== Data to use ==

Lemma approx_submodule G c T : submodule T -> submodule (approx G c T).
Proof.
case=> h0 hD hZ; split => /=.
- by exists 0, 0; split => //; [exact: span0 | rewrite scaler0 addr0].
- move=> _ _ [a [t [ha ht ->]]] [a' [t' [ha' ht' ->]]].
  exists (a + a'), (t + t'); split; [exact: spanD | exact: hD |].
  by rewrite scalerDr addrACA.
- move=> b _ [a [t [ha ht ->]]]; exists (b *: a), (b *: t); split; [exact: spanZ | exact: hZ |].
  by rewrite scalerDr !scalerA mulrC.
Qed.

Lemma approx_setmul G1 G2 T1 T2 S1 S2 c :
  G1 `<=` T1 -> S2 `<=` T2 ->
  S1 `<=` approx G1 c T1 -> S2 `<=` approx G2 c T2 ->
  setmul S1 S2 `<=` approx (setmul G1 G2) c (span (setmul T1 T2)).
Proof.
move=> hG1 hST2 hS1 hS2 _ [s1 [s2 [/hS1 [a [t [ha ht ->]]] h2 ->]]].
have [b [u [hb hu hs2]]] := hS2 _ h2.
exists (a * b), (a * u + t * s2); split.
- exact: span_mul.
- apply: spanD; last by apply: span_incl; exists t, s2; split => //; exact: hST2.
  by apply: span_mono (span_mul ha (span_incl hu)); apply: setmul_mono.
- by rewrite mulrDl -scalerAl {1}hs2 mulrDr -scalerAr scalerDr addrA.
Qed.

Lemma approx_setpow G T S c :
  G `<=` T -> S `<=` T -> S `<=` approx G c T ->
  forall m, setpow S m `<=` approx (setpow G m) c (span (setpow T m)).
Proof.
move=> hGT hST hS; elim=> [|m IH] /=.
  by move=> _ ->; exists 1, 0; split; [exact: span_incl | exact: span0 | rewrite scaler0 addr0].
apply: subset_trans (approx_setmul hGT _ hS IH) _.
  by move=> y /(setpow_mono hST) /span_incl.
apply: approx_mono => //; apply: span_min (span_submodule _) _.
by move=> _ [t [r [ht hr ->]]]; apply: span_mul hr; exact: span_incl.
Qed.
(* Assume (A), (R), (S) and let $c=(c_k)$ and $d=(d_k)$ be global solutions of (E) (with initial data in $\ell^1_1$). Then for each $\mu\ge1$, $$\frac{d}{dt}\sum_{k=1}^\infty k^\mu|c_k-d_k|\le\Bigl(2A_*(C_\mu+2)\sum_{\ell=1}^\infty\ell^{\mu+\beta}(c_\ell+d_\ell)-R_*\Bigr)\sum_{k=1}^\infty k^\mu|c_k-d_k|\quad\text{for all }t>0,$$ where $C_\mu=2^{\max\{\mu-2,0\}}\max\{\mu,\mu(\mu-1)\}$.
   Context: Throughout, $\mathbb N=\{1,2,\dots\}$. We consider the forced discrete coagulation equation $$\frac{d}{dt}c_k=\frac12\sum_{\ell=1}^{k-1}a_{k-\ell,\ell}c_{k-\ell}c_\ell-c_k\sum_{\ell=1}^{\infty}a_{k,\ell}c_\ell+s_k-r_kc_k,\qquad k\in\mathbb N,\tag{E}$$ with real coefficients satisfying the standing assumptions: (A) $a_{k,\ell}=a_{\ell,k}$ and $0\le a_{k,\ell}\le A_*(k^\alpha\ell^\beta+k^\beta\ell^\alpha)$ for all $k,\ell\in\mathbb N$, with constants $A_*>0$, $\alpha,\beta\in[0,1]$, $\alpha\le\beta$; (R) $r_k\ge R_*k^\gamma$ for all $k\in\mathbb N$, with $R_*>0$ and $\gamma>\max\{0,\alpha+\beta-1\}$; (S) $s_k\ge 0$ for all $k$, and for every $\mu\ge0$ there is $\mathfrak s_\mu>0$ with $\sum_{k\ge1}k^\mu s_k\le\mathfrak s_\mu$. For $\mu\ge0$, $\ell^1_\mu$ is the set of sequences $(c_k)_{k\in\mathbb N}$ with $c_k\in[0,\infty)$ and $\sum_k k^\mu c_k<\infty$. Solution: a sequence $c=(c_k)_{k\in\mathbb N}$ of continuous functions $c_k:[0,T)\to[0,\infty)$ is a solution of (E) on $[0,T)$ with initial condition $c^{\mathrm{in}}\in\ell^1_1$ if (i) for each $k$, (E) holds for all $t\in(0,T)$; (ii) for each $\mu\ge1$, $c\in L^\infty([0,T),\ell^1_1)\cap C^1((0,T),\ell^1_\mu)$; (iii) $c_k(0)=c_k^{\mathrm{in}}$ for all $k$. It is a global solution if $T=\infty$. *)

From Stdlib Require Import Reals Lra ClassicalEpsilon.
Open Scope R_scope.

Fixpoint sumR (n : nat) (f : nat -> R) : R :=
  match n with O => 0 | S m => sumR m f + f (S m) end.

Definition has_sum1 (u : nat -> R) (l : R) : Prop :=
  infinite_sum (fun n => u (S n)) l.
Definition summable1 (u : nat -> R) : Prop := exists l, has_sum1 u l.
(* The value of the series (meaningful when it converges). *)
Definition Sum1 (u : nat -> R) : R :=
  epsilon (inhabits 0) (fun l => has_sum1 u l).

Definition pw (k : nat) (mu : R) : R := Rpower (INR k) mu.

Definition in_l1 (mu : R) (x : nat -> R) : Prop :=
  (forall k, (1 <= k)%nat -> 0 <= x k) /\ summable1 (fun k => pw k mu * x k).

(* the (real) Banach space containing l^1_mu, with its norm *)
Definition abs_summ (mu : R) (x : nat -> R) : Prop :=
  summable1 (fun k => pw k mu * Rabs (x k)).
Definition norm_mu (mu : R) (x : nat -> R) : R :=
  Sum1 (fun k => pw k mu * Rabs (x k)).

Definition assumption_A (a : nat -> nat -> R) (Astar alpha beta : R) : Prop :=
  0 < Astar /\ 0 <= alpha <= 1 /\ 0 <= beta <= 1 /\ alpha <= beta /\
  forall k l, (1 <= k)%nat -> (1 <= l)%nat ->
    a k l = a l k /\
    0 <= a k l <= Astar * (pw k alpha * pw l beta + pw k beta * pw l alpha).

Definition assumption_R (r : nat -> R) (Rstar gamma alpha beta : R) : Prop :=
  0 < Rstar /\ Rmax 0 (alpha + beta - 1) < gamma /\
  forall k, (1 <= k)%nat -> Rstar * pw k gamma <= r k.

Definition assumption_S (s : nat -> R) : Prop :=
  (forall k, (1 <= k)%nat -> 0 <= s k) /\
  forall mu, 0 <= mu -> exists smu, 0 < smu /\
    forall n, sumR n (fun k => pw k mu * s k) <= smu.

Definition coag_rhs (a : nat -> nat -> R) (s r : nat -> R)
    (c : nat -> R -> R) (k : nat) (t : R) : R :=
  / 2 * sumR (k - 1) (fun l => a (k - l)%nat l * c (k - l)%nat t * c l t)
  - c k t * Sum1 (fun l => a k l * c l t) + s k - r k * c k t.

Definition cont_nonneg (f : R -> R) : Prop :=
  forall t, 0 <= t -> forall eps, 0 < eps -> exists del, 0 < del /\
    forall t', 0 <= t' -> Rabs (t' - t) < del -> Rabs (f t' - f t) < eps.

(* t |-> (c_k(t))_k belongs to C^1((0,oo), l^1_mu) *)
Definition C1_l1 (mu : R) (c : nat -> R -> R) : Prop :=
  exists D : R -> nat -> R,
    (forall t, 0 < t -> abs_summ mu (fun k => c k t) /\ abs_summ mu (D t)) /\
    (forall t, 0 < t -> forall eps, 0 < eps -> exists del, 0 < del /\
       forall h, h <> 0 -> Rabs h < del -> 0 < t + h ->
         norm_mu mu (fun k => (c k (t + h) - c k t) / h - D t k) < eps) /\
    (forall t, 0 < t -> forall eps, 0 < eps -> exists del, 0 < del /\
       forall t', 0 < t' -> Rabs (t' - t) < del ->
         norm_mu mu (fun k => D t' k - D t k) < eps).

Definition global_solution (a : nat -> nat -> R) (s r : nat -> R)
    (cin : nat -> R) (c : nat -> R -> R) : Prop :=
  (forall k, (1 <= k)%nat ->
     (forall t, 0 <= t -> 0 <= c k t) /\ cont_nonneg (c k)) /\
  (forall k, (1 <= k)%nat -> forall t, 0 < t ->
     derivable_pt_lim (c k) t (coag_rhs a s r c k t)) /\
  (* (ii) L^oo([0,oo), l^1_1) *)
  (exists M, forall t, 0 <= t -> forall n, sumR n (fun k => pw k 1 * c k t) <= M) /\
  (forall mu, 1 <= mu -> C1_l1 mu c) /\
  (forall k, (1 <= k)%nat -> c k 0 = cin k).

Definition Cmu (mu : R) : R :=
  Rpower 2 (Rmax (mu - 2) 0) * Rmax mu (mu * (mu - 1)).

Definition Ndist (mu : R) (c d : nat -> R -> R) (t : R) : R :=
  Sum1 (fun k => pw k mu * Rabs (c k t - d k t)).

===
== Data to use ==

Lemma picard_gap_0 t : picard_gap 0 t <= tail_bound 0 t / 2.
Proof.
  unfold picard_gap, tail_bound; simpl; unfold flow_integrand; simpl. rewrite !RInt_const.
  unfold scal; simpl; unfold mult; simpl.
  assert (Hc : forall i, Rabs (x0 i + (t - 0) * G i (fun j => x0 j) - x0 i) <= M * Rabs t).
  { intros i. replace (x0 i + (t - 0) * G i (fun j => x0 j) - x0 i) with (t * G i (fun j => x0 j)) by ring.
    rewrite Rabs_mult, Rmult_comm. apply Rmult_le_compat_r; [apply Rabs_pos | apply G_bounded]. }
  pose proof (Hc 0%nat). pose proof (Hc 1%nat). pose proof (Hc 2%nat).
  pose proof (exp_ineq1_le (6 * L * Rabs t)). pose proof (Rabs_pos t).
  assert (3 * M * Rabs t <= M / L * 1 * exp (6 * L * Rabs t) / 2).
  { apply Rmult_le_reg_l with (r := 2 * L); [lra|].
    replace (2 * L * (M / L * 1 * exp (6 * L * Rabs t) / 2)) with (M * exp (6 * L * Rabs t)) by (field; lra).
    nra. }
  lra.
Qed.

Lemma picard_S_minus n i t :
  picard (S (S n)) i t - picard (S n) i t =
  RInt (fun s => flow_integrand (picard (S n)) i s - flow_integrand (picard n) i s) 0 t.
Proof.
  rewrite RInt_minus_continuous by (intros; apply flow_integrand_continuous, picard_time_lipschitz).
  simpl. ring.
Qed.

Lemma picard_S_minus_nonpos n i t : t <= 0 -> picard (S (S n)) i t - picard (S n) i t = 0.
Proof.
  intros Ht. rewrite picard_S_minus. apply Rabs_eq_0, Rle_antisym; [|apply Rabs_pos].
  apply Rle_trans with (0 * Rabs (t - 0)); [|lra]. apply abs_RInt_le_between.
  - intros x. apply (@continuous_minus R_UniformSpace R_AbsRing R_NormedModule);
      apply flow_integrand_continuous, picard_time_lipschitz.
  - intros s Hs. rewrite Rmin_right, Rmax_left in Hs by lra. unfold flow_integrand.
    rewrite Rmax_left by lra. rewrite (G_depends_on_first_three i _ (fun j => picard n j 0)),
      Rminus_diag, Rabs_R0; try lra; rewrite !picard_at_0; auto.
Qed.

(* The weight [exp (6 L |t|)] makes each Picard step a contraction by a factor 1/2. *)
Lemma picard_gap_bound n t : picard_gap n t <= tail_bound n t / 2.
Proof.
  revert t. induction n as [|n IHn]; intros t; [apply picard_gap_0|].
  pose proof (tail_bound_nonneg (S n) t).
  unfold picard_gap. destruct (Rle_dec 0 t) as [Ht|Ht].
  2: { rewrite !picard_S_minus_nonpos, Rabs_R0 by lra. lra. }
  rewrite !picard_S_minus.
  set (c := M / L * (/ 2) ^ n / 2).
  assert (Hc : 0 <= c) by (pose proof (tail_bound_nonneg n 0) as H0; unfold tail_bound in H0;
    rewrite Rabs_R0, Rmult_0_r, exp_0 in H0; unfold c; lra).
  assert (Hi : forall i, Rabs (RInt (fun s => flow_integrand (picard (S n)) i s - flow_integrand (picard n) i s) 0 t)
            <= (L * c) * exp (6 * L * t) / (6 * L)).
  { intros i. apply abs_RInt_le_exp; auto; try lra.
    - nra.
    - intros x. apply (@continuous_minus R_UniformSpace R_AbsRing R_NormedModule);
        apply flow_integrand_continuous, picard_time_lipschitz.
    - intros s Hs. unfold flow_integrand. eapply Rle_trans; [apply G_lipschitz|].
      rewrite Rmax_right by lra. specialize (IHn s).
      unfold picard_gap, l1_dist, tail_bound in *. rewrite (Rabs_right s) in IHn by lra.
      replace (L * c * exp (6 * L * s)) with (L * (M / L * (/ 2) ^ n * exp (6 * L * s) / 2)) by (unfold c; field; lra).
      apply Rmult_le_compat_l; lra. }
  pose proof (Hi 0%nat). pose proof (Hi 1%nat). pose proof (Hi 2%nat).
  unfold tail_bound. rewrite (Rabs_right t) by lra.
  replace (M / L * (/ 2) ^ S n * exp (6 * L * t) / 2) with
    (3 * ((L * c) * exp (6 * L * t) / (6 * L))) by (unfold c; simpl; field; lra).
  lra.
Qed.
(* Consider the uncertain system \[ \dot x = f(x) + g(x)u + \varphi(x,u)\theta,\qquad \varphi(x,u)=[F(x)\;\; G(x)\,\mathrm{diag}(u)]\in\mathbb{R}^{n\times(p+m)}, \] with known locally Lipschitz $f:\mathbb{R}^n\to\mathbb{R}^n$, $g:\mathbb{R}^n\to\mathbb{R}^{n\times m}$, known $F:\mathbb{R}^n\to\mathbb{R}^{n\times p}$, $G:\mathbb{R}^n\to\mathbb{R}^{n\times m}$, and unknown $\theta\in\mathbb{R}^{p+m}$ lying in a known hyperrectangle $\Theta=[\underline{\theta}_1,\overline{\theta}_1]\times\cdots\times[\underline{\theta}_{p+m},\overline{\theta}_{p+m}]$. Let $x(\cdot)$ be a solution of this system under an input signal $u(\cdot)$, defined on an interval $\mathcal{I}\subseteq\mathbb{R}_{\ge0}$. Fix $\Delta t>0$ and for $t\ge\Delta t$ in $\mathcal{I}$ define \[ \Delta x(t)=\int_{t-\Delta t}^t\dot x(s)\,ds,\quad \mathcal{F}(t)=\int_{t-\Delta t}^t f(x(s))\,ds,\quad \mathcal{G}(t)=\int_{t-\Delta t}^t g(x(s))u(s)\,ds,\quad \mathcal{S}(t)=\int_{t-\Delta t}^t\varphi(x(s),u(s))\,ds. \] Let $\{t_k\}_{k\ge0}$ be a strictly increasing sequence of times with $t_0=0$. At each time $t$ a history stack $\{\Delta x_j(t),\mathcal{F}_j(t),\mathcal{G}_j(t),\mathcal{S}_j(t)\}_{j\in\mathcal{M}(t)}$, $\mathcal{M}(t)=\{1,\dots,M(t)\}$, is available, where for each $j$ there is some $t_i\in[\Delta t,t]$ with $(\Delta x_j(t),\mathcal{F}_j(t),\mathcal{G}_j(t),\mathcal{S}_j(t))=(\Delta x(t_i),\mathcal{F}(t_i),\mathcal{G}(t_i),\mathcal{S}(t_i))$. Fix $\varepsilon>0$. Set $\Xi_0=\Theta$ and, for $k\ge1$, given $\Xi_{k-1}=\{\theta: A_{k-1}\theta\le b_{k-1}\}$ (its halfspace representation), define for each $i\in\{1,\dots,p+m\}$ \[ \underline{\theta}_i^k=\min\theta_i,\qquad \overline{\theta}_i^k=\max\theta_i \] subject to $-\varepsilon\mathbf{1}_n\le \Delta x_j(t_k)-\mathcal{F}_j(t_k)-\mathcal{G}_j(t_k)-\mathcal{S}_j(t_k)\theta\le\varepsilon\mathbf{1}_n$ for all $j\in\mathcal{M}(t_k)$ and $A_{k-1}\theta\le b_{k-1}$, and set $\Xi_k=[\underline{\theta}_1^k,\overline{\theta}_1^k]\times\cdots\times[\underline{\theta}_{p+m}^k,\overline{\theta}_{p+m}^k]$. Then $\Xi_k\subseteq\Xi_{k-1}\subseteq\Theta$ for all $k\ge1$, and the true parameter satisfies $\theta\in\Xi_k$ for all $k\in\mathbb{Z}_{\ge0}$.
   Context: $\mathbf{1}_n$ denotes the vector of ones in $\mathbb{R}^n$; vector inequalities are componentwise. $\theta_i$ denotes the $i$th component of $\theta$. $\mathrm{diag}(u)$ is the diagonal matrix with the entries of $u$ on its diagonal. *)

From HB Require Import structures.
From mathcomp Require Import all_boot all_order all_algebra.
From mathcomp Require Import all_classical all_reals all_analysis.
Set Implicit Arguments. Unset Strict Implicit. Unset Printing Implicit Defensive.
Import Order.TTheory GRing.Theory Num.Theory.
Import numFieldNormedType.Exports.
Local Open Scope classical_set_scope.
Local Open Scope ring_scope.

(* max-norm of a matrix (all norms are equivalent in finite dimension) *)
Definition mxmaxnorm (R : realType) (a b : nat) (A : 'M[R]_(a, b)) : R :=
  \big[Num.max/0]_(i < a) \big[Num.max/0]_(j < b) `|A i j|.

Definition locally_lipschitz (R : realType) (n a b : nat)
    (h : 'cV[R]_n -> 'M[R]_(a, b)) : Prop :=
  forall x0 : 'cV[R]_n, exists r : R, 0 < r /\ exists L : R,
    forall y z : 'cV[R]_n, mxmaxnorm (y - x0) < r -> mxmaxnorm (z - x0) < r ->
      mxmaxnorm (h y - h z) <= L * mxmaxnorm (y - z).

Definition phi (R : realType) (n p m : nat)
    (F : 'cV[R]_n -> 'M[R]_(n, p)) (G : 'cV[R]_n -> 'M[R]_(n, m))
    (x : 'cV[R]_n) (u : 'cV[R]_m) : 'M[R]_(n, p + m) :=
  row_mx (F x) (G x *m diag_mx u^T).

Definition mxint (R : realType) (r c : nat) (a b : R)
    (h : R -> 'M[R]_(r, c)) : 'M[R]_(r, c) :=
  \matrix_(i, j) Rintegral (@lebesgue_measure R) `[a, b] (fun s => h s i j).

===

**Task objective**
Above are the records; copy each line from them that includes the string "realType".

**Exercise result**
Definition mxmaxnorm (R : realType) (a b : nat) (A : 'M[R]_(a, b)) : R :=
Definition locally_lipschitz (R : realType) (n a b : nat)
Definition phi (R : realType) (n p m : nat)
Definition mxint (R : realType) (r c : nat) (a b : R)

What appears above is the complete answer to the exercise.